:: What the task requires ::
Every line holding the word "mulfV" should be copied from the material.

:: Data to examine ::
──────────────────────────────

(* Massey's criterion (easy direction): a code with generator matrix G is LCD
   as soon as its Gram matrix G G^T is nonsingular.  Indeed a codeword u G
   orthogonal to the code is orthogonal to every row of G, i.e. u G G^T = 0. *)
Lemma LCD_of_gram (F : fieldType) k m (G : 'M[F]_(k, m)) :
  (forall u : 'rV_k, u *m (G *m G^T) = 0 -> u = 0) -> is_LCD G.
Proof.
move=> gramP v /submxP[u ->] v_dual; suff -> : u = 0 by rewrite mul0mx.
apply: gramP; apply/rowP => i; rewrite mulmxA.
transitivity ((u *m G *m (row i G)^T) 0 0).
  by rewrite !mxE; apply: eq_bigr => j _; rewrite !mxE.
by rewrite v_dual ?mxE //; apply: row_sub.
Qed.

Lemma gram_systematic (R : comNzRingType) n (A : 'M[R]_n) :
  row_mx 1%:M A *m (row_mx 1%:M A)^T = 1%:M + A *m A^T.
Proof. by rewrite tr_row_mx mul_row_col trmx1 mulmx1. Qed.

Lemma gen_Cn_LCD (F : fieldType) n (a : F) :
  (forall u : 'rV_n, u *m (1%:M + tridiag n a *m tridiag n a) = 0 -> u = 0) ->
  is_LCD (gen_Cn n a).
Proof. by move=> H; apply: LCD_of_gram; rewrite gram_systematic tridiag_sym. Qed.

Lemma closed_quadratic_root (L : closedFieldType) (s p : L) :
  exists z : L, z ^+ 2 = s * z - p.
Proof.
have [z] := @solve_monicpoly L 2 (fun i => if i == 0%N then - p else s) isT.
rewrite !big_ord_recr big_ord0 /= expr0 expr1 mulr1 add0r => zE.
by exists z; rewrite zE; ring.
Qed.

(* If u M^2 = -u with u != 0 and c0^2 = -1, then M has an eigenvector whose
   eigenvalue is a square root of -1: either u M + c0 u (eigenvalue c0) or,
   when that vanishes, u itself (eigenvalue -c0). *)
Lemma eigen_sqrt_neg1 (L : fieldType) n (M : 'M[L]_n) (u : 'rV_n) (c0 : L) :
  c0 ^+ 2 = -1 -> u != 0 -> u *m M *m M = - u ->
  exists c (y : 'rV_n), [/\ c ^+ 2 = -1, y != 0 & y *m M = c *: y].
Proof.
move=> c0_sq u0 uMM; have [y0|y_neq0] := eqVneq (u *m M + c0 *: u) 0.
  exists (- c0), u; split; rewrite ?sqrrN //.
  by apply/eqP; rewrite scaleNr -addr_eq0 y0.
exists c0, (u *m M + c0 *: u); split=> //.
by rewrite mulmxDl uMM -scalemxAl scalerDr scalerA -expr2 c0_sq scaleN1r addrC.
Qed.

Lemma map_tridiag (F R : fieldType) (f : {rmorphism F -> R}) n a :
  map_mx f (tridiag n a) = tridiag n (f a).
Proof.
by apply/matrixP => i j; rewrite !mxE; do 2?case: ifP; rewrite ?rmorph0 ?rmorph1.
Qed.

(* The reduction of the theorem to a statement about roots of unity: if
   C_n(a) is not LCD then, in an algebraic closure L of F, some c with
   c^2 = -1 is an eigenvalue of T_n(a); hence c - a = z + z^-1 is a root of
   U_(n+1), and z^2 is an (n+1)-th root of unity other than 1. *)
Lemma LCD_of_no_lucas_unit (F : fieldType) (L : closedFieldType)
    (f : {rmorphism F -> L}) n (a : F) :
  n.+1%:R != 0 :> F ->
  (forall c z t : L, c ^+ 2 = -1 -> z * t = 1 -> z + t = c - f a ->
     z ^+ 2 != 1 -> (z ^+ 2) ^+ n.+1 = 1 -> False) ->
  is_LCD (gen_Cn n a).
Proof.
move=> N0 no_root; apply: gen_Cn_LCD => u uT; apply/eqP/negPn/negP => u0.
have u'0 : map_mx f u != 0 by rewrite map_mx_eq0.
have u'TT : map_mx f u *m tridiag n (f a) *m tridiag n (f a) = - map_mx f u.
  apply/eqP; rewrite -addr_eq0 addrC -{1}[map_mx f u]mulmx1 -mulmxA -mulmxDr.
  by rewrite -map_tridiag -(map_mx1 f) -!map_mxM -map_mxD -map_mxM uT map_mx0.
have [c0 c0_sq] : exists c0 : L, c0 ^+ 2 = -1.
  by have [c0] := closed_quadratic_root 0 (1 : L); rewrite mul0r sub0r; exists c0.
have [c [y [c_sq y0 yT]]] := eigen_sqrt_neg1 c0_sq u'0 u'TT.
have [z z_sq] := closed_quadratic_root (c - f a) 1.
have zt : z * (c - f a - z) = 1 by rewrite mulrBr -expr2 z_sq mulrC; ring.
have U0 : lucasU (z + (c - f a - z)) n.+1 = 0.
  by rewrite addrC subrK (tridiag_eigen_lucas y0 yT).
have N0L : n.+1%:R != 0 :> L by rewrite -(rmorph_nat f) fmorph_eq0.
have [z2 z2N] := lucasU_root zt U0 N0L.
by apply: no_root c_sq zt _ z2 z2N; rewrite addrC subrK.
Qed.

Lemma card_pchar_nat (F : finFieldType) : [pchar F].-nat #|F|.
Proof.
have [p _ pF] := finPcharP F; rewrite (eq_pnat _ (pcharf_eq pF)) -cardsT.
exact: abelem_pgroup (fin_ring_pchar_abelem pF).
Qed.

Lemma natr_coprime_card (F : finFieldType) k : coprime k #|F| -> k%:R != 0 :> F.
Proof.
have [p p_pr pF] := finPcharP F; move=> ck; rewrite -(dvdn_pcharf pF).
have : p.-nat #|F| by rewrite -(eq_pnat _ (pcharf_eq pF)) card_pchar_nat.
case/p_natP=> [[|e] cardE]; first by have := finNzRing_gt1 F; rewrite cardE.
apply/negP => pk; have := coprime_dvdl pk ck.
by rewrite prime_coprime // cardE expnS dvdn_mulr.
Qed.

──────────────────────────────

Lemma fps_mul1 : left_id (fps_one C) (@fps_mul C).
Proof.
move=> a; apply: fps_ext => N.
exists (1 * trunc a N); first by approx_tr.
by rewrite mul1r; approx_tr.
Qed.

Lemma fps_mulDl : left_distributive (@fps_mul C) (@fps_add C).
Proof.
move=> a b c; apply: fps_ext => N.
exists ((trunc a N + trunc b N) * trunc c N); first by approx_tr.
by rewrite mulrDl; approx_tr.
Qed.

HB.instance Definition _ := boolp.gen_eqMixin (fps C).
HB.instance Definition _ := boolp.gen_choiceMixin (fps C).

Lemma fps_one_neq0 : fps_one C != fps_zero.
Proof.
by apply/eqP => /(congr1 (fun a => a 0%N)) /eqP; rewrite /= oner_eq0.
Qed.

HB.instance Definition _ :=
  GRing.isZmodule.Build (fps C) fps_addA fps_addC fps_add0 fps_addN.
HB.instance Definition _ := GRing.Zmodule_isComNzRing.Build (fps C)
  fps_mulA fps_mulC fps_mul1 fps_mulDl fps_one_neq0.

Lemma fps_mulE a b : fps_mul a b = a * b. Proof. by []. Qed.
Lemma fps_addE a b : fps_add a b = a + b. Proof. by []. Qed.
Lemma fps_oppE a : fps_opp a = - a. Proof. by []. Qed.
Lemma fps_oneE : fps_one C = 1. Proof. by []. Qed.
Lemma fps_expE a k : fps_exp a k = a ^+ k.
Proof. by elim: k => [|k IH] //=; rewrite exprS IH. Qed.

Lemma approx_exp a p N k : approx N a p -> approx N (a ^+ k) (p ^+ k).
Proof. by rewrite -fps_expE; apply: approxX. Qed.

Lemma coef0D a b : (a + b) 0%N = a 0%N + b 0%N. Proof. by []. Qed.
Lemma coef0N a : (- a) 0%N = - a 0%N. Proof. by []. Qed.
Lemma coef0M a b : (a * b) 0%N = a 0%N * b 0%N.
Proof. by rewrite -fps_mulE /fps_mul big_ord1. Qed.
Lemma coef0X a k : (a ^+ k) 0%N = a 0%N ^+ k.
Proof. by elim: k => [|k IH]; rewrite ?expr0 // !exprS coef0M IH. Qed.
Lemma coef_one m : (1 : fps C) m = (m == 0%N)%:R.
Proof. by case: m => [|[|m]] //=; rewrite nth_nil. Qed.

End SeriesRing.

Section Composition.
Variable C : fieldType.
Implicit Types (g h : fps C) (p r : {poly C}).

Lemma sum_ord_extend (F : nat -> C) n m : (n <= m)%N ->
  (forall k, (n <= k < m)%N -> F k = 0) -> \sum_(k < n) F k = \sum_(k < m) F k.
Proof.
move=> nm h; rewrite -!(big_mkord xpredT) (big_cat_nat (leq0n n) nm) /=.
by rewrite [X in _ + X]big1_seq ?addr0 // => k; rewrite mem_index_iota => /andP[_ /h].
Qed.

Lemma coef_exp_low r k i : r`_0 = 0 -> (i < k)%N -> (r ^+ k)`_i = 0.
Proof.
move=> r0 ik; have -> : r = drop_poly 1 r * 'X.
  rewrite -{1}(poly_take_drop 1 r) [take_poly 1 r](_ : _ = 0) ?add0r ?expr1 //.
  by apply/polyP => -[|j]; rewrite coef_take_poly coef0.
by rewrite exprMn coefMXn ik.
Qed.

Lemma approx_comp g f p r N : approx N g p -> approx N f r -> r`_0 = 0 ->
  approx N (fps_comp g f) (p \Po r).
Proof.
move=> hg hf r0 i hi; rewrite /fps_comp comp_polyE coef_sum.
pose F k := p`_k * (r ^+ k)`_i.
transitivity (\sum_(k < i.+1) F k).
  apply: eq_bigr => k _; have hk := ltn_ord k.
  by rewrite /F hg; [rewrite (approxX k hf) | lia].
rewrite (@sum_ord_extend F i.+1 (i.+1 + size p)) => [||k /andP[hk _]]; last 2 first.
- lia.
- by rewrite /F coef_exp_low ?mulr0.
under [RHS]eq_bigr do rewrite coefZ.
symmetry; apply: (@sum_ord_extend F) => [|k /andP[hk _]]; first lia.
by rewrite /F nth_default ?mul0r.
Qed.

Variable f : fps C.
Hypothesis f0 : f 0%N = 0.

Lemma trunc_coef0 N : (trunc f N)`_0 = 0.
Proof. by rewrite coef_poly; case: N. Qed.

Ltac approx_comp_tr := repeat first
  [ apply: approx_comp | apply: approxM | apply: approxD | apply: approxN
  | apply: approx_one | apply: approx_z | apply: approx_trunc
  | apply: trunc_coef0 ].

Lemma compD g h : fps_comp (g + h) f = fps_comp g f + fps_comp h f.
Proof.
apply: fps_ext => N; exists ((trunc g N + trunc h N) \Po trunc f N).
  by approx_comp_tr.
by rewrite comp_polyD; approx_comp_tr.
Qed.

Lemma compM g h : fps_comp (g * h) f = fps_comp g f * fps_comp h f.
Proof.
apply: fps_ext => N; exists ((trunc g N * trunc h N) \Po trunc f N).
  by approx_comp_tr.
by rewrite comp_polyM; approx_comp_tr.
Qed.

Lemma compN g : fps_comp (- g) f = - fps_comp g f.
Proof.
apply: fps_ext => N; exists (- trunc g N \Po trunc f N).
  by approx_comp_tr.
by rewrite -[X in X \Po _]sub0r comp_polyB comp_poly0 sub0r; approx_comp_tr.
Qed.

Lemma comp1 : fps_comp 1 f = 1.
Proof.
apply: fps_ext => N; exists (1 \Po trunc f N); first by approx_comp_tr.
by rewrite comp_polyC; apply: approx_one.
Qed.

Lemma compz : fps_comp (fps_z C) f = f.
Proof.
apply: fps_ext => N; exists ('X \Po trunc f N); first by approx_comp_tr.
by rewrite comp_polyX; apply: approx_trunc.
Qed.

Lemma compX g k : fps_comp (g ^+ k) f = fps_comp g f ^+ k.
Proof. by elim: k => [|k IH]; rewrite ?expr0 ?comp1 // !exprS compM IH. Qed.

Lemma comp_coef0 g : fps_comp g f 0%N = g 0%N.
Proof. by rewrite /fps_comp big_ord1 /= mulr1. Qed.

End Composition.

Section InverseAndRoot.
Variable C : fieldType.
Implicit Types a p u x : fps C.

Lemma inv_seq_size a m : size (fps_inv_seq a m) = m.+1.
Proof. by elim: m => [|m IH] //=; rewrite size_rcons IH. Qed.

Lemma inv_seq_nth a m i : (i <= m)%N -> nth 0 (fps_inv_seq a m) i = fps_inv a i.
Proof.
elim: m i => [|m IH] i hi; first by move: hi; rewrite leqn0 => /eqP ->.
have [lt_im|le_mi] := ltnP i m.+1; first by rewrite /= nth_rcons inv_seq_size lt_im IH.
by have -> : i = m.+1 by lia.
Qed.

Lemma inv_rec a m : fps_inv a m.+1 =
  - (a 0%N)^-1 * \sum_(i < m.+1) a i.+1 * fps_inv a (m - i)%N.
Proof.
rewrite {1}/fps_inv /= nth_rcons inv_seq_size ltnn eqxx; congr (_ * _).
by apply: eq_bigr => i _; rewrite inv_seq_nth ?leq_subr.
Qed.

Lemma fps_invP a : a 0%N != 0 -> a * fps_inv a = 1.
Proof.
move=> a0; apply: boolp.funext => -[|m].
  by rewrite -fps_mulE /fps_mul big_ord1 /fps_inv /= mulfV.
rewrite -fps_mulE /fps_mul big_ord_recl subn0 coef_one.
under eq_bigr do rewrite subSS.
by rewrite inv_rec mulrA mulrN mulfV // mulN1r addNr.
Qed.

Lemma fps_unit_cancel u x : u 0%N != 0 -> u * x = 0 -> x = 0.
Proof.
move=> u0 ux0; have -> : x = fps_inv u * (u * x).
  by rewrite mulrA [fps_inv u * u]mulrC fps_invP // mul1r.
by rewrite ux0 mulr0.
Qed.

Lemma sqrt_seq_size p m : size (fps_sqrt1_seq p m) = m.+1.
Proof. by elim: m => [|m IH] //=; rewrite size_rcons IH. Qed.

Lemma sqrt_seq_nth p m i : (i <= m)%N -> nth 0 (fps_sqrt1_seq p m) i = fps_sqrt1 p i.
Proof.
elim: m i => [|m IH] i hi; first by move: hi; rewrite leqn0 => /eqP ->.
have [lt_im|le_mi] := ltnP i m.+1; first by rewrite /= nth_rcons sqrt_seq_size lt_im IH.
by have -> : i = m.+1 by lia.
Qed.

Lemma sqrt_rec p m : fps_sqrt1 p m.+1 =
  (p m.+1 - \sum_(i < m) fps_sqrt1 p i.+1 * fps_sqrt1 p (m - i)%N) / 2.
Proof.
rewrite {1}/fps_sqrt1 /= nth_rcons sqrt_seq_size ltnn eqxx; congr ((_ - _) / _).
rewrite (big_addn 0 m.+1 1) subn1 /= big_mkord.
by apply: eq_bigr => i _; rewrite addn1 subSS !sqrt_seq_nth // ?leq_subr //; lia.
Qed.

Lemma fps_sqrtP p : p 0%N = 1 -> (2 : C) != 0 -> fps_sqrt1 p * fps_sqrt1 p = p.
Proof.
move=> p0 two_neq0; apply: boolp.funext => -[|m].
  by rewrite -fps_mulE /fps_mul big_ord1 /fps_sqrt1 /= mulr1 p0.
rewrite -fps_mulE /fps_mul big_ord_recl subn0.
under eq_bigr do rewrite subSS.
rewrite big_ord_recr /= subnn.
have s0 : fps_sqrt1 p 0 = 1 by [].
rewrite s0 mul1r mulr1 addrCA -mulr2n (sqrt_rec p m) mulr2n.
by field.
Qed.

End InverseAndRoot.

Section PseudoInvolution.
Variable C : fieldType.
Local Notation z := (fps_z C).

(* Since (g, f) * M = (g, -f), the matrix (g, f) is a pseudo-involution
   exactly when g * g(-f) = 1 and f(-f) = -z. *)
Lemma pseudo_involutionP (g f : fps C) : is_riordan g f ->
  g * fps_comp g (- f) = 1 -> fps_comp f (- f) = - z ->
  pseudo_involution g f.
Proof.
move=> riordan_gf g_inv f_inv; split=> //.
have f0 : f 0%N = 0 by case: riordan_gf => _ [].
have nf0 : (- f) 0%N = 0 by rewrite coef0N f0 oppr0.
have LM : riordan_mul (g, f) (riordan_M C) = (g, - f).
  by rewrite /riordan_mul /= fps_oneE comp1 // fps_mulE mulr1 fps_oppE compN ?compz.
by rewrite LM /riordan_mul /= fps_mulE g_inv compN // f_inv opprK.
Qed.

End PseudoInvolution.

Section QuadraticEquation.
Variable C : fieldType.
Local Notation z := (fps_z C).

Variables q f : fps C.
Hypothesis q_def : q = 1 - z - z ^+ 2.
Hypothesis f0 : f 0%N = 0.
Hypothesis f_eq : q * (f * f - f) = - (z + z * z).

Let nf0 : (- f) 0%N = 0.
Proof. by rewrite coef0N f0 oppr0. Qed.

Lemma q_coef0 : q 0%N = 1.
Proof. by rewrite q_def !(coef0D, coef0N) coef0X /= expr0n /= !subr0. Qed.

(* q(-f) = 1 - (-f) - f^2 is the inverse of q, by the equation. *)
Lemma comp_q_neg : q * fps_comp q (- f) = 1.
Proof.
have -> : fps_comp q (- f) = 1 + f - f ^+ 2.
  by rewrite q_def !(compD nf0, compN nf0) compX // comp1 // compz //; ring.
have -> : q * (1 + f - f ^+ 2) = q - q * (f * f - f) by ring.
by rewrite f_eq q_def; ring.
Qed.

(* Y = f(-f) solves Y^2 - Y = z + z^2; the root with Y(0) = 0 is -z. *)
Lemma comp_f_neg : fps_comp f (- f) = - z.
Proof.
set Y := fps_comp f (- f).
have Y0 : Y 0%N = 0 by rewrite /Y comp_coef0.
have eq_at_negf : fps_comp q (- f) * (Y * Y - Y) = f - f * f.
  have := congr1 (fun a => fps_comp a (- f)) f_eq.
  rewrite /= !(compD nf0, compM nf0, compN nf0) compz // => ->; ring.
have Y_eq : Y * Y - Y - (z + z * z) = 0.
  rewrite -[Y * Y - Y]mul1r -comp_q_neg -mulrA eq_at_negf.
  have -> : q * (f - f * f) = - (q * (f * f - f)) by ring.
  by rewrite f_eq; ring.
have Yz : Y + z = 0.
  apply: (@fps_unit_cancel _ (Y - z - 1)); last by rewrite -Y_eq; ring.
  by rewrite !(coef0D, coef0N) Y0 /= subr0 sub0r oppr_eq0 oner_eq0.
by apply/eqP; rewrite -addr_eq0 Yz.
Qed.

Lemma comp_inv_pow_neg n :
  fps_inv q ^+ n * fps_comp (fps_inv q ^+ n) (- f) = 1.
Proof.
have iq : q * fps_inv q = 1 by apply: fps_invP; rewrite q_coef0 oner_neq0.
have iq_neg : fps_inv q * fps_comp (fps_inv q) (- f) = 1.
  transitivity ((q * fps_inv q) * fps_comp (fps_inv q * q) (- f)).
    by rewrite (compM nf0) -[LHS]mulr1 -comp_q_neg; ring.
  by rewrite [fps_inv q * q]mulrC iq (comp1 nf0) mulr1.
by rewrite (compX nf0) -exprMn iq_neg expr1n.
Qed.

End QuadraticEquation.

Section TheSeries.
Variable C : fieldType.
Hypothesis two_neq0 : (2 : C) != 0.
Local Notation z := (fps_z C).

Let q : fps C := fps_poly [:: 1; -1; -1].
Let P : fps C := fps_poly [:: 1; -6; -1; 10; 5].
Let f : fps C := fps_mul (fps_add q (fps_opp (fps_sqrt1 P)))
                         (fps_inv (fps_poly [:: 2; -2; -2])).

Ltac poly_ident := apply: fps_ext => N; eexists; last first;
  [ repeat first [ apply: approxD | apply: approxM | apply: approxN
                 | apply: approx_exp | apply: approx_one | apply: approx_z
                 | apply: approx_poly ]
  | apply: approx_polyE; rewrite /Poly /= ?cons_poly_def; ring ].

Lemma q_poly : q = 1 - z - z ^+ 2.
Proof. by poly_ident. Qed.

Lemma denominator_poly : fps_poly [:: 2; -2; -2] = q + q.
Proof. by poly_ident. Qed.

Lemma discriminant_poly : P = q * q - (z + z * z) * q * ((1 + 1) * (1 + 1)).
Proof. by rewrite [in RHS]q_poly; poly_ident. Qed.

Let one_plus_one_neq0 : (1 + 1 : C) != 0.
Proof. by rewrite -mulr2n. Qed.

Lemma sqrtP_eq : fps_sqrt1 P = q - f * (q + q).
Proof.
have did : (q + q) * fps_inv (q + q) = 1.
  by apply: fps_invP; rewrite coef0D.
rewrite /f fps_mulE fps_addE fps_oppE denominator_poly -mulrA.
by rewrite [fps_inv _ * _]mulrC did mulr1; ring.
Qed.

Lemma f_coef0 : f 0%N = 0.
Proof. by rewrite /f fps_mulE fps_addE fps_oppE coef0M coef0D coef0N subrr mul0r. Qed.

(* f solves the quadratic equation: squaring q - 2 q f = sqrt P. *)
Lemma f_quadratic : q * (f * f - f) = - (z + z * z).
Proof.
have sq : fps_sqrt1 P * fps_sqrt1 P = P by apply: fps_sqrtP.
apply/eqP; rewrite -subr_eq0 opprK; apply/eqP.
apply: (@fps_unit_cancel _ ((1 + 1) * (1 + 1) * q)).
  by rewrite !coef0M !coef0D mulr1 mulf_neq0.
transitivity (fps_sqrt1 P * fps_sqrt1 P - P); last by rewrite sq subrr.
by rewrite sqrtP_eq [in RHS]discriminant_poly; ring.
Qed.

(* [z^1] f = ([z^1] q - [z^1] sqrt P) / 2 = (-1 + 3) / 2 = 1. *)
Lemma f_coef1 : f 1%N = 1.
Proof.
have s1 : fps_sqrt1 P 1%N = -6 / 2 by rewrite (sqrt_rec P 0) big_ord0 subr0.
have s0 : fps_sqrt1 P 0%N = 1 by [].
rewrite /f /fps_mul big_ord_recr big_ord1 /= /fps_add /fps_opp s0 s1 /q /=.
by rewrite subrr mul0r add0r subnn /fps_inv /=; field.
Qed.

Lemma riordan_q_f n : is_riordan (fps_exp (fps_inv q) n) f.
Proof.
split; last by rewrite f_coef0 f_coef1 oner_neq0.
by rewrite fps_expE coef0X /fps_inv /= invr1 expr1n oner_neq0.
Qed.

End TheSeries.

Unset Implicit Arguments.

──────────────────────────────

:: Completed task ::
  by rewrite -fps_mulE /fps_mul big_ord1 /fps_inv /= mulfV.
by rewrite inv_rec mulrA mulrN mulfV // mulN1r addNr.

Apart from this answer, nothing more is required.